- _Work item_
Please give again, exactly and only, the stretch of lines from the one containing "[seq faceD k r i | i <- iota 0 (Dn k r)]." to the end of the entries below.

[Opening Listed entries section]

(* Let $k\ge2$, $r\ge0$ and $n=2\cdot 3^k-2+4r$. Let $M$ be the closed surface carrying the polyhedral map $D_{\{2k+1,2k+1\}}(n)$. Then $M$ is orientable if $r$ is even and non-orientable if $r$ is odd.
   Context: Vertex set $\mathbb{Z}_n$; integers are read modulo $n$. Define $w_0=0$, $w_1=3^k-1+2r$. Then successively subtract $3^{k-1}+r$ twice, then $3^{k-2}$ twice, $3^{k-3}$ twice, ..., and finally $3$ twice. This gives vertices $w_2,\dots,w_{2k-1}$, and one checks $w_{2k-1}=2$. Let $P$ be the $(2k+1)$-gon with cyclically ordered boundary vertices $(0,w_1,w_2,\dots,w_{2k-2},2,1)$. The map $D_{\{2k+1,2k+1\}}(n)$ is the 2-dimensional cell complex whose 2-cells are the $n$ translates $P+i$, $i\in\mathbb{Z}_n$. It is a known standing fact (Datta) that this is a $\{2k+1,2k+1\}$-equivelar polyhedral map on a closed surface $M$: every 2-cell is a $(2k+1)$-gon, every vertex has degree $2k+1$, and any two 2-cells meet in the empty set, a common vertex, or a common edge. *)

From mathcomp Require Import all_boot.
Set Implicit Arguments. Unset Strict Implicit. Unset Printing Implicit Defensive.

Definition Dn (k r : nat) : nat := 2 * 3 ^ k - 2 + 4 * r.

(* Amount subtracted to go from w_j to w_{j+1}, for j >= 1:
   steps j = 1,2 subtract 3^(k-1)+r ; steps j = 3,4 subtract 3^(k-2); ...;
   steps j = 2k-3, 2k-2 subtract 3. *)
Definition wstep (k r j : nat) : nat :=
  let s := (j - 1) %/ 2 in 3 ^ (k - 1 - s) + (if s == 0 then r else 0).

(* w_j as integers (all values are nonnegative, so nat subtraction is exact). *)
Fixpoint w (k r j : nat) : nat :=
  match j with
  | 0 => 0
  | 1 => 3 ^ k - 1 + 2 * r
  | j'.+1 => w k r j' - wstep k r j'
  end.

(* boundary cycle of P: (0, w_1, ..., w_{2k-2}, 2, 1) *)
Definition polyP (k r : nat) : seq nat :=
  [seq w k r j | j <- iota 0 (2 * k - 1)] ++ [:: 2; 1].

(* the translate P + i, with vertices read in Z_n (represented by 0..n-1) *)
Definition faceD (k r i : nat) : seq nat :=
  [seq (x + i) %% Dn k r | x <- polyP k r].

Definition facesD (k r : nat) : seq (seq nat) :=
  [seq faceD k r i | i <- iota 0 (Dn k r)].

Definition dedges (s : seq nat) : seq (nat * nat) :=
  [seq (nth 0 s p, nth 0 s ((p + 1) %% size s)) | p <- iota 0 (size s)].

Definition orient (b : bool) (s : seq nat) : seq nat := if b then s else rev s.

[Closing Listed entries section]

- _Output_
  [seq faceD k r i | i <- iota 0 (Dn k r)].

Definition dedges (s : seq nat) : seq (nat * nat) :=
  [seq (nth 0 s p, nth 0 s ((p + 1) %% size s)) | p <- iota 0 (size s)].

Definition orient (b : bool) (s : seq nat) : seq nat := if b then s else rev s.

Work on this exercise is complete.